Author: Mingyan Jiang, Jianghai Chen, Baizhou Zhang

Prerequisite:

Example Code

Introduction

In our new design, colossalai.booster replaces the role of colossalai.initialize to inject features into your training components (e.g. model, optimizer, dataloader) seamlessly. With these new APIs, you can integrate your model with our parallelism features more friendly. Also, calling colossalai.booster is the standard procedure before you run into your training loops. In the sections below, we will cover how colossalai.booster works and what we should take note of.

Plugin

Plugin is an important component that manages parallel configuration (eg: The gemini plugin encapsulates the gemini acceleration solution). Currently supported plugins are as follows:

HybridParallelPlugin: This plugin wraps the hybrid parallel training acceleration solution. It provides an interface for any combination of tensor parallel, pipeline parallel and data parallel strategies including DDP and ZeRO.

GeminiPlugin: This plugin wraps the Gemini acceleration solution, that ZeRO with chunk-based memory management.

TorchDDPPlugin: This plugin wraps the DDP acceleration solution of Pytorch. It implements data parallel at the module level which can run across multiple machines.

LowLevelZeroPlugin: This plugin wraps the 1/2 stage of Zero Redundancy Optimizer. Stage 1 : Shards optimizer states across data parallel workers/GPUs. Stage 2 : Shards optimizer states + gradients across data parallel workers/GPUs.

TorchFSDPPlugin: This plugin wraps the FSDP acceleration solution of Pytorch and can be used to train models with zero-dp.

More details about usages of each plugin can be found in chapter Booster Plugins.

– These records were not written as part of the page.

(* Let $X_1,X_2,X_3$ be independent real variables ranging over the open positive orthant $(0,\infty)^3$, and consider the first-order linear system of partial differential equations for an unknown smooth function $\tau=\tau(X_1,X_2,X_3)$: $$\Big(X_1(X_1+2X_2+2X_3)\frac{\partial}{\partial X_1}+X_2(X_2+2X_3)\frac{\partial}{\partial X_2}+X_3^2\frac{\partial}{\partial X_3}\Big)\tau=0,\qquad \Big(X_1\frac{\partial}{\partial X_1}+X_2\frac{\partial}{\partial X_2}+X_3\frac{\partial}{\partial X_3}\Big)\tau=0 .$$ Then the function $$\tau_1^{(2)}(X_1,X_2,X_3)=\frac{(X_1+X_2)(X_2+X_3)}{X_2\,(X_1+X_2+X_3)}$$ is a solution of this system, and it is the only nontrivial solution up to functional dependence: every solution is (locally) of the form $F\big(\tau_1^{(2)}\big)$ for some function $F$ of one variable.
   Context: This system arises in the construction of the lattice $W_2$ algebra (the $\mathfrak{sl}_2$ case): the first operator comes from the action of the screening operator $X_1+X_2+X_3$ via the bracket $\{X_i,X_j\}=2X_iX_j$ for $i<j$, $\{X_i,X_i\}=0$, and the second operator is the degree (Euler) operator, so solutions are degree-zero invariants. *)

From Stdlib Require Import Reals.
From Coquelicot Require Import Coquelicot.
Open Scope R_scope.

Definition orthant (x1 x2 x3 : R) : Prop := 0 < x1 /\ 0 < x2 /\ 0 < x3.

Definition d1 (f : R -> R -> R -> R) : R -> R -> R -> R :=
  fun x1 x2 x3 => Derive (fun t => f t x2 x3) x1.
Definition d2 (f : R -> R -> R -> R) : R -> R -> R -> R :=
  fun x1 x2 x3 => Derive (fun t => f x1 t x3) x2.
Definition d3 (f : R -> R -> R -> R) : R -> R -> R -> R :=
  fun x1 x2 x3 => Derive (fun t => f x1 x2 t) x3.

Definition has_partials (f : R -> R -> R -> R) (x1 x2 x3 : R) : Prop :=
  ex_derive (fun t => f t x2 x3) x1 /\
  ex_derive (fun t => f x1 t x3) x2 /\
  ex_derive (fun t => f x1 x2 t) x3.

Definition cont3_at (f : R -> R -> R -> R) (x1 x2 x3 : R) : Prop :=
  forall eps, 0 < eps -> exists delta, 0 < delta /\
    forall y1 y2 y3, Rabs (y1 - x1) < delta -> Rabs (y2 - x2) < delta ->
      Rabs (y3 - x3) < delta -> Rabs (f y1 y2 y3 - f x1 x2 x3) < eps.

Fixpoint Ck_orthant (k : nat) (f : R -> R -> R -> R) : Prop :=
  match k with
  | O => forall x1 x2 x3, orthant x1 x2 x3 -> cont3_at f x1 x2 x3
  | S m => (forall x1 x2 x3, orthant x1 x2 x3 -> cont3_at f x1 x2 x3) /\
           (forall x1 x2 x3, orthant x1 x2 x3 -> has_partials f x1 x2 x3) /\
           Ck_orthant m (d1 f) /\ Ck_orthant m (d2 f) /\ Ck_orthant m (d3 f)
  end.

Definition smooth_orthant (f : R -> R -> R -> R) : Prop :=
  forall k, Ck_orthant k f.

Definition L1 (f : R -> R -> R -> R) (x1 x2 x3 : R) : R :=
  x1 * (x1 + 2 * x2 + 2 * x3) * d1 f x1 x2 x3
  + x2 * (x2 + 2 * x3) * d2 f x1 x2 x3
  + x3 ^ 2 * d3 f x1 x2 x3.

Definition L2 (f : R -> R -> R -> R) (x1 x2 x3 : R) : R :=
  x1 * d1 f x1 x2 x3 + x2 * d2 f x1 x2 x3 + x3 * d3 f x1 x2 x3.

Definition is_solution (tau : R -> R -> R -> R) : Prop :=
  forall x1 x2 x3, orthant x1 x2 x3 ->
    has_partials tau x1 x2 x3 /\ L1 tau x1 x2 x3 = 0 /\ L2 tau x1 x2 x3 = 0.

Definition tau12 (x1 x2 x3 : R) : R :=
  (x1 + x2) * (x2 + x3) / (x2 * (x1 + x2 + x3)).

(* Conversely, L2 is
   the Euler operator, so a solution is constant on rays and
   tau (y1, y2, y3) = tau (y1 / y2, 1, y3 / y2).  In the plane x2 = 1 the
   combination L1 - (x2 + 2 x3) L2 = x1 (x1 + x2) d1 - x3 (x2 + x3) d3 is
   tangent to the level curves of tau12, so tau is constant along them and
   tau = F o tau12 on the whole orthant, with F c = tau (2c - 1, 1, 2c - 2).
   Both constancy statements rest on the chain rule for C^1 functions of three
   variables, proved from the mean value theorem. *)

From Stdlib Require Import Reals Lra.
From Coquelicot Require Import Coquelicot.
Open Scope R_scope.

Lemma is_derive_linear_approx (g : R -> R) (t l : R) :
  is_derive g t l <->
  forall eps : posreal,
    locally t (fun y => Rabs (g y - g t - (y - t) * l) <= eps * Rabs (y - t)).
Proof.
  unfold is_derive, filterdiff, is_domin. split.
  - intros [_ Hdom] eps. exact (Hdom t (fun P HP => HP) eps).
  - intros Happrox. split; [apply is_linear_scal_l|].
    intros x Hx eps. apply (is_filter_lim_locally_unique (V := R_NormedModule)) in Hx. subst x.
    exact (Happrox eps).
Qed.

Lemma mvt_linear_bound (h : R -> R) (a b D e : R) :
  (forall c, Rabs (c - a) <= Rabs (b - a) -> ex_derive h c /\ Rabs (Derive h c - D) <= e) ->
  Rabs (h b - h a - D * (b - a)) <= e * Rabs (b - a).
Proof.
  intros Hh.
  destruct (MVT_cor4 h (Derive h) a (Rabs (b - a))) with b as [c [Hmvt Hc]].
  - intros c Hc. apply Derive_correct, Hh, Hc.
  - apply Rle_refl.
  - rewrite Hmvt, <- Rmult_minus_distr_r, Rabs_mult.
    apply Rmult_le_compat_r; [apply Rabs_pos | apply Hh, Hc].
Qed.

Definition differentiable3_at (f : R -> R -> R -> R) (p1 p2 p3 D1 D2 D3 : R) : Prop :=
  forall eps, 0 < eps -> exists delta, 0 < delta /\
    forall a1 a2 a3,
      Rabs (a1 - p1) < delta -> Rabs (a2 - p2) < delta -> Rabs (a3 - p3) < delta ->
      Rabs (f a1 a2 a3 - f p1 p2 p3 - (D1 * (a1 - p1) + D2 * (a2 - p2) + D3 * (a3 - p3)))
        <= eps * (Rabs (a1 - p1) + Rabs (a2 - p2) + Rabs (a3 - p3)).

Lemma Rabs_lin3 (D1 D2 D3 u1 u2 u3 : R) :
  Rabs (D1 * u1 + D2 * u2 + D3 * u3)
    <= Rabs D1 * Rabs u1 + Rabs D2 * Rabs u2 + Rabs D3 * Rabs u3.
Proof.
  rewrite <- !Rabs_mult.
  eapply Rle_trans; [apply Rabs_triang|].
  apply Rplus_le_compat_r, Rabs_triang.
Qed.

Lemma differentiable3_of_partials (f : R -> R -> R -> R) (p1 p2 p3 r : R) :
  0 < r ->
  (forall y1 y2 y3, Rabs (y1 - p1) < r -> Rabs (y2 - p2) < r -> Rabs (y3 - p3) < r ->
     has_partials f y1 y2 y3) ->
  cont3_at (d1 f) p1 p2 p3 -> cont3_at (d2 f) p1 p2 p3 -> cont3_at (d3 f) p1 p2 p3 ->
  differentiable3_at f p1 p2 p3 (d1 f p1 p2 p3) (d2 f p1 p2 p3) (d3 f p1 p2 p3).
Proof.
  intros Hr Hp C1 C2 C3 e He.
  destruct (C1 e He) as [e1 [He1 H1]].
  destruct (C2 e He) as [e2 [He2 H2]].
  destruct (C3 e He) as [e3 [He3 H3]].
  exists (Rmin r (Rmin e1 (Rmin e2 e3))).
  pose proof (Rmin_l r (Rmin e1 (Rmin e2 e3))); pose proof (Rmin_r r (Rmin e1 (Rmin e2 e3))).
  pose proof (Rmin_l e1 (Rmin e2 e3)); pose proof (Rmin_r e1 (Rmin e2 e3)).
  pose proof (Rmin_l e2 e3); pose proof (Rmin_r e2 e3).
  split; [repeat apply Rmin_pos; lra|].
  intros a1 a2 a3 A1 A2 A3.
  assert (Z : forall x, Rabs (x - x) = 0) by (intros; rewrite Rminus_diag; apply Rabs_R0).
  assert (T1 : Rabs (f a1 a2 a3 - f p1 a2 a3 - d1 f p1 p2 p3 * (a1 - p1)) <= e * Rabs (a1 - p1)).
  { apply (mvt_linear_bound (fun t => f t a2 a3)). intros c Hc. split.
    - apply (Hp c a2 a3); lra.
    - left; apply (H1 c a2 a3); lra. }
  assert (T2 : Rabs (f p1 a2 a3 - f p1 p2 a3 - d2 f p1 p2 p3 * (a2 - p2)) <= e * Rabs (a2 - p2)).
  { apply (mvt_linear_bound (fun t => f p1 t a3)). intros c Hc. split.
    - apply (Hp p1 c a3); rewrite ?Z; lra.
    - left; apply (H2 p1 c a3); rewrite ?Z; lra. }
  assert (T3 : Rabs (f p1 p2 a3 - f p1 p2 p3 - d3 f p1 p2 p3 * (a3 - p3)) <= e * Rabs (a3 - p3)).
  { apply (mvt_linear_bound (fun t => f p1 p2 t)). intros c Hc. split.
    - apply (Hp p1 p2 c); rewrite ?Z; lra.
    - left; apply (H3 p1 p2 c); rewrite ?Z; lra. }
  match goal with |- Rabs ?E <= _ =>
    replace E with ((f a1 a2 a3 - f p1 a2 a3 - d1 f p1 p2 p3 * (a1 - p1))
                    + (f p1 a2 a3 - f p1 p2 a3 - d2 f p1 p2 p3 * (a2 - p2))
                    + (f p1 p2 a3 - f p1 p2 p3 - d3 f p1 p2 p3 * (a3 - p3))) by ring end.
  eapply Rle_trans; [apply Rabs_triang|].
  eapply Rle_trans; [apply Rplus_le_compat_r, Rabs_triang|].
  lra.
Qed.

Some plugins support lazy initialization, which can be used to save memory when initializing large models. For more details, please see Lazy Initialization.

API of booster

class
 

colossalai.booster.Booster

(device: typing.Optional[str] = None, mixed_precision: typing.Union[colossalai.booster.mixed_precision.mixed_precision_base.MixedPrecision, str, NoneType] = None, plugin: typing.Optional[colossalai.booster.plugin.plugin_base.Plugin] = None)
Parameters
  • device (str or torch.device) -- The device to run the training. Default: None. If plugin is not used or plugin doesn't control the device, this argument will be set as training device ('cuda' will be used if argument is None).
  • mixed_precision (str or MixedPrecision) -- The mixed precision to run the training. Default: None. If the argument is a string, it can be 'fp16', 'fp16_apex', 'bf16', or 'fp8'. 'fp16' would use PyTorch AMP while fp16_apex would use Nvidia Apex.
  • plugin (Plugin) -- The plugin to run the training. Default: None.
Description

Booster is a high-level API for training neural networks. It provides a unified interface for training with different precision, accelerator, and plugin.

Example
# Following is pseudocode

colossalai.launch(...)
plugin = GeminiPlugin(...)
booster = Booster(precision='fp16', plugin=plugin)

model = GPT2()
optimizer = HybridAdam(model.parameters())
dataloader = plugin.prepare_dataloader(train_dataset, batch_size=8)
lr_scheduler = LinearWarmupScheduler()
criterion = GPTLMLoss()

model, optimizer, criterion, dataloader, lr_scheduler = booster.boost(model, optimizer, criterion, dataloader, lr_scheduler)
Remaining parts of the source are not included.